The United States is never going to be Vatican City, but it’s hard not to be a little queasy at public universities emailing students to “place your first bet (and earn your first bonus),” as the New York Times reported Louisiana State University doing, or Texas Christian University partnering with a casino as a “presenting sponsor” for its stadium’s new collection of VIP suites. The speed and intensity with which the gaming industry has swung state governments and public universities illustrate how difficult it will be to trust local legislators to stand up to and rigorously regulate the industry.

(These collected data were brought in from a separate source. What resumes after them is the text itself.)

(* Let $K$ be a field of characteristic zero, $(\mathfrak{g},s)$ a finite-dimensional solvable Lie algebra with filtration over $K$, $f\in\mathfrak{g}^*$, and let $l\in M(f)$ be a nonzero element with $(x-f(x))l=0$ for all $x\in\mathfrak{pv}(f)$. If $y\in\mathfrak{g}$ and $\lambda\in K$ satisfy $(y-\lambda)l=0$, then $y\in\mathfrak{pv}(f)$ and $\lambda=f(y)$.
   Context: A filtration $s$ on $\mathfrak{g}$ is a chain $\mathfrak{g}=\mathfrak{g}_0\supseteq\mathfrak{g}_1\supseteq\dots\supseteq\mathfrak{g}_k=\{0\}$ of ideals of $\mathfrak{g}$ with $\dim\mathfrak{g}_{i-1}/\mathfrak{g}_i\le1$. For $f\in\mathfrak{g}^*$ let $f_i=f|_{\mathfrak{g}_i}$, $\mathfrak{g}_i^{f_i}=\{x\in\mathfrak{g}_i\mid f([x,\mathfrak{g}_i])=0\}$, and let $\mathfrak{pv}(f)=\sum_{i=0}^k\mathfrak{g}_i^{f_i}$ be the Vergne polarization (a subalgebra, maximal isotropic for $(x,y)\mapsto f([x,y])$). $M(f)=U(\mathfrak{g})\otimes_{U(\mathfrak{pv}(f))}K_f$, where $K_f$ is the one-dimensional $U(\mathfrak{pv}(f))$-module on which $x$ acts by $f(x)$. *)

From HB Require Import structures.
From mathcomp Require Import all_boot all_order all_algebra.
Set Implicit Arguments. Unset Strict Implicit. Unset Printing Implicit Defensive.
Import Order.TTheory GRing.Theory Num.Theory.
Local Open Scope ring_scope.

Section LieDefs.
Variables (K : fieldType) (V : vectType K).

Record lie_algebra (br : V -> V -> V) : Prop := LieAlgebra {
  lie_linl : forall (a : K) x y z, br (a *: x + y) z = a *: br x z + br y z;
  lie_linr : forall (a : K) x y z, br z (a *: x + y) = a *: br z x + br z y;
  lie_alt : forall x, br x x = 0;
  lie_jacobi : forall x y z, br x (br y z) + br y (br z x) + br z (br x y) = 0
}.

(* Derived series: D^0 = g, D^(n+1) = [D^n, D^n] (span of brackets; by
   bilinearity it suffices to bracket basis vectors). *)
Fixpoint derived (br : V -> V -> V) (n : nat) : {vspace V} :=
  match n with
  | 0 => fullv
  | n'.+1 => let B := vbasis (derived br n') in
             <<[seq br u v | u <- B, v <- B]>>%VS
  end.

Definition solvable_lie (br : V -> V -> V) : Prop :=
  exists n, derived br n = 0%VS.

Definition lie_ideal (br : V -> V -> V) (I : {vspace V}) : Prop :=
  forall x y, y \in I -> br x y \in I.

(* A filtration s : g = g_0 ⊇ g_1 ⊇ ... ⊇ g_k = 0 of ideals with
   dim g_(i-1)/g_i <= 1 (indices > k are irrelevant). *)
Definition filtration (br : V -> V -> V) (k : nat) (gs : nat -> {vspace V}) : Prop :=
  [/\ gs 0 = fullv, gs k = 0%VS,
      forall i, (i <= k)%N -> lie_ideal br (gs i),
      forall i, (i < k)%N -> (gs i.+1 <= gs i)%VS
    & forall i, (i < k)%N -> (\dim (gs i) <= (\dim (gs i.+1)).+1)%N].

Definition linear_functional (f : V -> K) : Prop :=
  forall (a : K) x y, f (a *: x + y) = a * f x + f y.

Definition stab_mem (br : V -> V -> V) (f : V -> K) (gi : {vspace V}) (x : V) : Prop :=
  x \in gi /\ forall y, y \in gi -> f (br x y) = 0.

Definition pv (br : V -> V -> V) (k : nat) (gs : nat -> {vspace V}) (f : V -> K)
  (x : V) : Prop :=
  exists xs : 'I_k.+1 -> V,
    (forall i : 'I_k.+1, stab_mem br f (gs i) (xs i)) /\ x = \sum_(i < k.+1) xs i.

Record lie_module (br : V -> V -> V) (M : lmodType K) (act : V -> M -> M) : Prop :=
  LieModule {
  lmod_linl : forall (a : K) x y m, act (a *: x + y) m = a *: act x m + act y m;
  lmod_linr : forall (a : K) x m n, act x (a *: m + n) = a *: act x m + act x n;
  lmod_bracket : forall x y m, act (br x y) m = act x (act y m) - act y (act x m)
}.

(* (M, act, v0) is the induced module U(g) ⊗_{U(p)} K_f (p given by the
   predicate P), characterised by its universal property: v0 satisfies
   x.v0 = f(x) v0 for x in p, and for every g-module N and w in N with the
   same property there is a unique g-module morphism M -> N sending v0 to w. *)
Definition induced_module (br : V -> V -> V) (P : V -> Prop) (f : V -> K)
  (M : lmodType K) (act : V -> M -> M) (v0 : M) : Prop :=
  (forall x, P x -> act x v0 = f x *: v0) /\
  forall (N : lmodType K) (actN : V -> N -> N), lie_module br actN ->
  forall w : N, (forall x, P x -> actN x w = f x *: w) ->
  exists phi : M -> N,
    [/\ (forall (a : K) m n, phi (a *: m + n) = a *: phi m + phi n),
        (forall x m, phi (act x m) = actN x (phi m)),
        phi v0 = w &
        forall psi : M -> N,
          (forall (a : K) m n, psi (a *: m + n) = a *: psi m + psi n) ->
          (forall x m, psi (act x m) = actN x (psi m)) ->
          psi v0 = w -> forall m, psi m = phi m].

End LieDefs.

From HB Require Import structures.
From mathcomp Require Import all_boot all_order all_algebra.
From Stdlib Require Import Classical.
Set Implicit Arguments. Unset Strict Implicit. Unset Printing Implicit Defensive.
Import GRing.Theory.
Local Open Scope ring_scope.

(* Descending induction along the filtration: an element x of g_j acting on l
   by a scalar c lies in the sum of the g_i^{f_i}, i >= j, and c = f(x).
   Passing from g_(j+1) to the codimension-one g_j, either some a in
   g_j^{f_j} lies outside g_(j+1), so that g_j = g_(j+1) + K a and one
   subtracts a multiple of a; or the radical of f([.,.]) on g_j lies in
   g_(j+1), and then for x in g_j \ g_(j+1) linear algebra yields a in
   g_(j+1)^{f_(j+1)} with f([a,x]) <> 0, whereas [a,x] lies in g_(j+1) and
   kills the common eigenvector l. *)

Lemma addv_line_codim1 (K : fieldType) (V : vectType K) (H W : {vspace V}) z :
  (H <= W)%VS -> (\dim W <= (\dim H).+1)%N -> z \in W -> z \notin H ->
  (H + <[z]>)%VS = W.
Proof.
move=> HW dimW zW zH.
have HHz : (H != H + <[z]>)%VS.
  by apply: contraNneq zH => ->; rewrite -{1}[z]add0r memv_add ?mem0v ?memv_line.
have ltH : (\dim H < \dim (H + <[z]>))%N.
  by rewrite (ltn_leqif (dimv_leqif_eq (addvSl _ _))).
apply/eqP; rewrite eqEdim subv_add HW -memvE zW.
exact: leq_trans dimW ltH.
Qed.

Lemma alternating_antisym (R : nzRingType) (U : lmodType R) (W : zmodType)
    (s s' : R -> W -> W) (B : {bilinear U -> U -> W | s & s'}) :
  (forall u, B u u = 0) -> forall u v, B u v = - B v u.
Proof.
move=> Balt u v; apply/eqP; rewrite -addr_eq0.
by have := Balt (u + v); rewrite linearDl !linearDr !Balt add0r addr0 => ->.
Qed.

Lemma linear_vbasis_eq (K : fieldType) (V : vectType K) (W : zmodType)
    (s : GRing.Scale.law K W) (phi psi : {linear V -> W | s}) (H : {vspace V}) :
  (forall i : 'I_(\dim H), phi (vbasis H)`_i = psi (vbasis H)`_i) ->
  {in H, phi =1 psi}.
Proof.
move=> Ebasis h /coord_vbasis ->; rewrite !linear_sum; apply: eq_bigr => i _.
by rewrite !linearZ_LR Ebasis.
Qed.

Section Forms.
Variables (K : fieldType) (V : vectType K) (B : {biscalar V}).

Lemma form_repr (H : {vspace V}) (phi : {scalar V}) :
  (forall r, r \in H -> {in H, forall h, B h r = 0} -> phi r = 0) ->
  exists2 h0, h0 \in H & {in H, forall h, phi h = B h0 h}.
Proof.
move=> phi_rad; set b := vbasis H.
have bH (i : 'I_(\dim H)) : b`_i \in H.
  by apply: vbasis_mem; rewrite mem_nth ?size_tuple.
pose G : 'M[K]_(\dim H) := \matrix_(i, j) B b`_i b`_j.
pose v : 'rV[K]_(\dim H) := \row_j phi b`_j.
(* v kills the right kernel of the Gram matrix G, which encodes the radical
   of B on H, hence lies in the row space of G. *)
have vG : (v <= G)%MS.
  rewrite submxE; apply/eqP/matrixP => i j; rewrite !mxE.
  pose r := \sum_k cokermx G k j *: b`_k.
  have rH : r \in H by apply: memv_suml => k _; apply: memvZ.
  have GC (i0 : 'I_(\dim H)) : \sum_k B b`_i0 (cokermx G k j *: b`_k) = 0.
    transitivity ((G *m cokermx G) i0 j); last by rewrite mulmx_coker mxE.
    by rewrite mxE; apply: eq_bigr => k _; rewrite linearZr_LR mulrC [G _ _]mxE.
  have Br : {in H, forall h, B h r = 0}.
    move=> h /coord_vbasis ->; rewrite linear_sumlz big1 // => i0 _.
    by rewrite linearZl_LR linear_sumr /= GC mulr0.
  rewrite -[RHS](phi_rad r rH Br) linear_sum; apply: eq_bigr => k _.
  by rewrite linearZ_LR mxE mulrC.
case/submxP: vG => d vdG.
exists (\sum_i d 0 i *: b`_i); first by apply: memv_suml => i _; apply: memvZ.
apply: linear_vbasis_eq => j.
have := congr1 (fun A : 'rV[K]_(\dim H) => A 0 j) vdG; rewrite !mxE => ->.
by rewrite /= linear_sumlz; apply: eq_bigr => i _; rewrite linearZl_LR [G _ _]mxE.
Qed.

Hypothesis B_alt : forall u, B u u = 0.

Lemma radical_addv_line (H : {vspace V}) x : x \notin H ->
    (forall z, z \in (H + <[x]>)%VS ->
       {in (H + <[x]>)%VS, forall w, B z w = 0} -> z \in H) ->
  exists a, [/\ a \in H, {in H, forall h, B a h = 0} & B a x != 0].
Proof.
move=> xH radH; apply: NNPP => no_a.
have B_rad r : r \in H -> {in H, forall h, B h r = 0} -> B x r = 0.
  move=> rH Br; apply/eqP; apply: contra_notT no_a => Bxr.
  exists r; split => // [h hH|]; rewrite alternating_antisym //.
  - by rewrite Br ?oppr0.
  - by rewrite oppr_eq0.
have [h0 h0H Eh0] := @form_repr H (B x) B_rad.
have x'H : {in H, forall h, B (x - h0) h = 0}.
  by move=> h hH; rewrite linearBl /= Eh0 ?subrr.
have x'x : B (x - h0) x = 0.
  by rewrite -{2}(subrK h0 x) linearDr B_alt x'H ?addr0.
have /(memvD h0H) : x - h0 \in H.
  apply: radH => [|w /memv_addP [h hH [u /vlineP [a ->] ->]]].
    exact: memvB (subvP (addvSr H _) _ (memv_line x)) (subvP (addvSl H _) _ h0H).
  by rewrite linearDr linearZr_LR /= x'H ?x'x ?mulr0 ?addr0.
by rewrite addrC subrK (negbTE xH).
Qed.
End Forms.

Section EigenvectorOfPolarization.
Variables (K : fieldType) (V : vectType K) (br : V -> V -> V) (f : V -> K).
Variables (M : lmodType K) (act : V -> M -> M).
Hypotheses (HL : lie_algebra br) (Hf : linear_functional f)
  (HM : lie_module br act).

HB.instance Definition _ := GRing.isLinear.Build K V K *%R f Hf.

HB.instance Definition _ := bilinear_isBilinear.Build K V V V *:%R *:%R br
  (fun z a x y => lie_linl HL a x y z, fun z a x y => lie_linr HL a x y z).

HB.instance Definition _ := bilinear_isBilinear.Build K V M M *:%R *:%R act
  (fun m a x y => lmod_linl HM a x y m, fun x a m n => lmod_linr HM a x m n).

Definition lie_form u v := f (br u v).

Fact lie_form_is_bilinear : bilinear_for *%R *%R lie_form.
Proof. by split=> u a x y; rewrite /lie_form (linearPl, linearPr) linearP. Qed.

HB.instance Definition _ :=
  bilinear_isBilinear.Build K V V K *%R *%R lie_form lie_form_is_bilinear.

Lemma lie_bracket_antisym u v : br u v = - br v u.
Proof. exact/alternating_antisym/(lie_alt HL). Qed.

Lemma lie_form_alt u : lie_form u u = 0.
Proof. by rewrite /lie_form (lie_alt HL) linear0. Qed.

Lemma stab_mem0 gi : stab_mem br f gi 0.
Proof. by split=> [|y _]; rewrite ?mem0v ?linear0l ?linear0. Qed.

Lemma stab_mem_lincomb gi a u v :
  stab_mem br f gi u -> stab_mem br f gi v -> stab_mem br f gi (a *: u + v).
Proof.
move=> [uG uS] [vG vS]; split=> [|w wG]; first by rewrite memvD ?memvZ.
by rewrite linearPl linearP /= uS ?vS ?mulr0 ?addr0.
Qed.

Variables (k : nat) (gs : nat -> {vspace V}).
Hypothesis Hs : filtration br k gs.

Definition pv_from (j : nat) (x : V) : Prop :=
  exists xs : 'I_k.+1 -> V,
    [/\ forall i : 'I_k.+1, stab_mem br f (gs i) (xs i),
        forall i : 'I_k.+1, (i < j)%N -> xs i = 0
      & x = \sum_(i < k.+1) xs i].

Lemma pv_from_lincomb j a u v :
  pv_from j u -> pv_from j v -> pv_from j (a *: u + v).
Proof.
move=> [xs [xsS xs0 ->]] [ys [ysS ys0 ->]].
exists (fun i => a *: xs i + ys i); split.
- by move=> i; apply: stab_mem_lincomb.
- by move=> i ij; rewrite xs0 ?ys0 ?scaler0 ?addr0.
- by rewrite scaler_sumr -big_split.
Qed.

Lemma pv_fromW i j x : (i <= j)%N -> pv_from j x -> pv_from i x.
Proof.
move=> ij [xs [xsS xs0 ->]]; exists xs; split=> // i0 i0i.
exact/xs0/(leq_trans i0i).
Qed.

Lemma stab_mem_pv_from j a :
  (j <= k)%N -> stab_mem br f (gs j) a -> pv_from j a.
Proof.
move=> jk aS; pose j' : 'I_k.+1 := Ordinal (jk : (j < k.+1)%N).
exists (fun i => if i == j' then a else 0); split.
- by move=> i; case: eqP => [->|_]; [exact: aS | exact: stab_mem0].
- by move=> i ij; case: eqP => // ij'; rewrite ij' ltnn in ij.
- by rewrite (bigD1 j') //= eqxx big1 ?addr0 // => i /negbTE ->.
Qed.

Lemma pv_from0 x : pv_from 0 x -> pv br k gs f x.
Proof. by move=> [xs [xsS _ ->]]; exists xs. Qed.

Variable l : M.
Hypotheses (l_neq0 : l != 0)
  (l_eigen : forall x, pv br k gs f x -> act x l = f x *: l).

Lemma eigenvalue_inj c d : c *: l = d *: l -> c = d.
Proof.
move/eqP; rewrite -subr_eq0 -scalerBl scaler_eq0 (negbTE l_neq0) orbF.
by rewrite subr_eq0 => /eqP.
Qed.

Lemma pv_from_eigen j a : pv_from j a -> act a l = f a *: l.
Proof. by move=> /(pv_fromW (leq0n j)) /pv_from0 /l_eigen. Qed.

Lemma eigen_bracket x y c d :
  act x l = c *: l -> act y l = d *: l -> act (br x y) l = 0.
Proof.
move=> xl yl; rewrite (lmod_bracket HM) xl yl !linearZr_LR /= xl yl.
by rewrite !scalerA mulrC subrr.
Qed.

Definition eigen_pv_from (j : nat) : Prop :=
  forall x c, x \in gs j -> act x l = c *: l -> pv_from j x /\ c = f x.

Lemma eigen_step_new_stab j a : (j < k)%N ->
  stab_mem br f (gs j) a -> a \notin gs j.+1 ->
  eigen_pv_from j.+1 -> eigen_pv_from j.
Proof.
move=> jk aS aH IH x c xG xl; have [_ _ _ gsS gsd] := Hs.
move: xG xl; rewrite -(addv_line_codim1 (gsS j jk) (gsd j jk) aS.1 aH).
case/memv_addP=> h hH [_ /vlineP [al ->] ->] xl.
have aP : pv_from j a := stab_mem_pv_from (ltnW jk) aS.
have hl : act h l = (c - al * f a) *: l.
  move: xl; rewrite linearDl linearZl_LR /= (pv_from_eigen aP) scalerA.
  by move=> /(canRL (addrK _)) ->; rewrite scalerBl.
have [hP Eh] := IH h _ hH hl.
split; last by rewrite linearD linearZ /= -Eh subrK.
by rewrite addrC; apply: pv_from_lincomb aP (pv_fromW (leqnSn j) hP).
Qed.

Lemma eigen_step_no_stab j x c : (j < k)%N ->
  (forall a, stab_mem br f (gs j) a -> a \in gs j.+1) ->
  eigen_pv_from j.+1 -> x \in gs j -> act x l = c *: l -> x \in gs j.+1.
Proof.
move=> jk stabS IH xG xl; apply: contraT => xH; have [_ _ gsI gsS gsd] := Hs.
have gsj := addv_line_codim1 (gsS j jk) (gsd j jk) xG xH.
have [|a [aH aS /negP[]]] := radical_addv_line lie_form_alt xH.
  by rewrite gsj => z zG zS; apply: stabS.
have al : act a l = f a *: l.
  exact: pv_from_eigen (stab_mem_pv_from jk (conj aH aS)).
have axG : br a x \in gs j.+1 by rewrite lie_bracket_antisym memvN gsI.
have axl : act (br a x) l = 0 *: l by rewrite (eigen_bracket al xl) scale0r.
have [_ Eax] := IH _ _ axG axl.
by apply/eqP; rewrite /= /lie_form -Eax.
Qed.

Lemma eigen_step j : (j < k)%N -> eigen_pv_from j.+1 -> eigen_pv_from j.
Proof.
move=> jk IH.
have [[a [aS aH]]|no_stab] :=
  classic (exists a, stab_mem br f (gs j) a /\ a \notin gs j.+1).
  exact: eigen_step_new_stab aS aH IH.
move=> x c xG xl.
have xH : x \in gs j.+1.
  apply: eigen_step_no_stab jk _ IH xG xl => a aS.
  by apply: contraT => aH; exfalso; apply: no_stab; exists a.
have [xP ->] := IH x c xH xl; split=> //; exact: pv_fromW (leqnSn j) xP.
Qed.

Lemma eigen_pv_from_le j : (j <= k)%N -> eigen_pv_from j.
Proof.
move=> /subnK; move: (k - j)%N => n; elim: n j => [|n IH] j.
  have [_ gsk _ _ _] := Hs.
  rewrite add0n => -> x c; rewrite gsk memv0 => /eqP-> l0; split.
    exact/stab_mem_pv_from/stab_mem0.
  by rewrite linear0; apply: eigenvalue_inj; rewrite -l0 linear0l scale0r.
move=> njk; apply: eigen_step; first by rewrite -njk addSn ltnS leq_addl.
by apply: IH; rewrite addnS -addSn.
Qed.

End EigenvectorOfPolarization.

Theorem lemma3p2 (K : fieldType) (HK : [pchar K] =i pred0)
  (V : vectType K) (br : V -> V -> V) (HL : lie_algebra br)
  (Hsol : solvable_lie br)
  (k : nat) (gs : nat -> {vspace V}) (Hs : filtration br k gs)
  (f : V -> K) (Hf : linear_functional f)
  (M : lmodType K) (act : V -> M -> M) (HM : lie_module br act) (v0 : M)
  (Hind : induced_module br (pv br k gs f) f act v0)
  (l : M) (Hl0 : l != 0)
  (Hl : forall x, pv br k gs f x -> act x l = f x *: l)
  (y : V) (lam : K) (Hy : act y l = lam *: l) :
  pv br k gs f y /\ lam = f y.
Proof.
have [gs0 _ _ _ _] := Hs.
have yG : y \in gs 0 by rewrite gs0 memvf.
have [yP ->] := eigen_pv_from_le HL Hf HM Hs Hl0 Hl (leq0n k) yG Hy.
by split=> //; apply: pv_from0.
Qed.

Financialized industries under modern, liquid capitalism will never be happy with small-time brands earning modest profits. DraftKings has already gone through a reverse merger with a Bulgarian tech firm and a special-purpose acquisition company. Fanduel was acquired by Paddy Power, that European sports betting giant whose co-founder resigned.

And what about the tax argument? Maybe legalized sports gambling does have a negative side, but the benefits toward various worthy state initiatives are worth it.

The first problem is that government revenue really doesn’t work this way. Revenue is fungible: As soon as legislators see a service being funded by one source, it’s a green light to cut its funding from elsewhere. State lotteries, for instance, were widely created with claims that the revenue would bolster, say, education. But instead of that lottery money being added on top of existing education funding, it often ended up replacing it, as state revenue could be diverted elsewhere. Many states have worse education crises than before lotteries were instituted.

To put it another way, states can raise revenue whenever they want, through whatever means they want. If more money is needed for a particular state service, it can be raised through any type of tax.

It’s also a conceptually odd use of a sin tax, considering that the entire point of one is to discourage activities that are damaging to public or societal health. Alcohol and tobacco taxes artificially raise the market price of those goods because higher prices curb alcohol and tobacco use.

But here, the logic is reversed, and we are intentionally expanding the amount of gambling and gambling addiction in order to juice state revenue numbers.

Gaming out the future

Unfortunately, the horse is likely very far out of the barn. These industries are already huge lobbying players, and there’s very little historical precedent for re-criminalizing liberalized industries. The United States’s expansive First Amendment rights will likely make advertising restrictions difficult to pass, as with prescription drugs.

That said, some steps are available around the edges. Massachusetts banned all college advertising of sports betting, for instance. To a cynic, though, there’s something farcical about this now out-in-the-open and legal industry being “regulated” with bills that would, for instance, require a pop-up message about responsible gambling every 10 wagers.

A strange irony of all this is that sports gambling is not the most profitable, or addictive, industry in this sector. Oddsmaking is a skill; bookmakers can set the odds incorrectly or simply get unlucky and have to pay out considerable winnings.

Which is why, as the Times reports, the end goal is full “casino” gambling on your phone — slot machines, roulette, and so on. The industry has tried to rebrand this as iGaming, with the chief executive of DraftKings telling lawmakers at a conference: “It is time for your state to add iGaming … Not in the future, but now.”

One policy error has already been made across much of the United States. It’s not too late to prevent another one.

Jack Meserve is the managing editor of Democracy: A Journal of Ideas.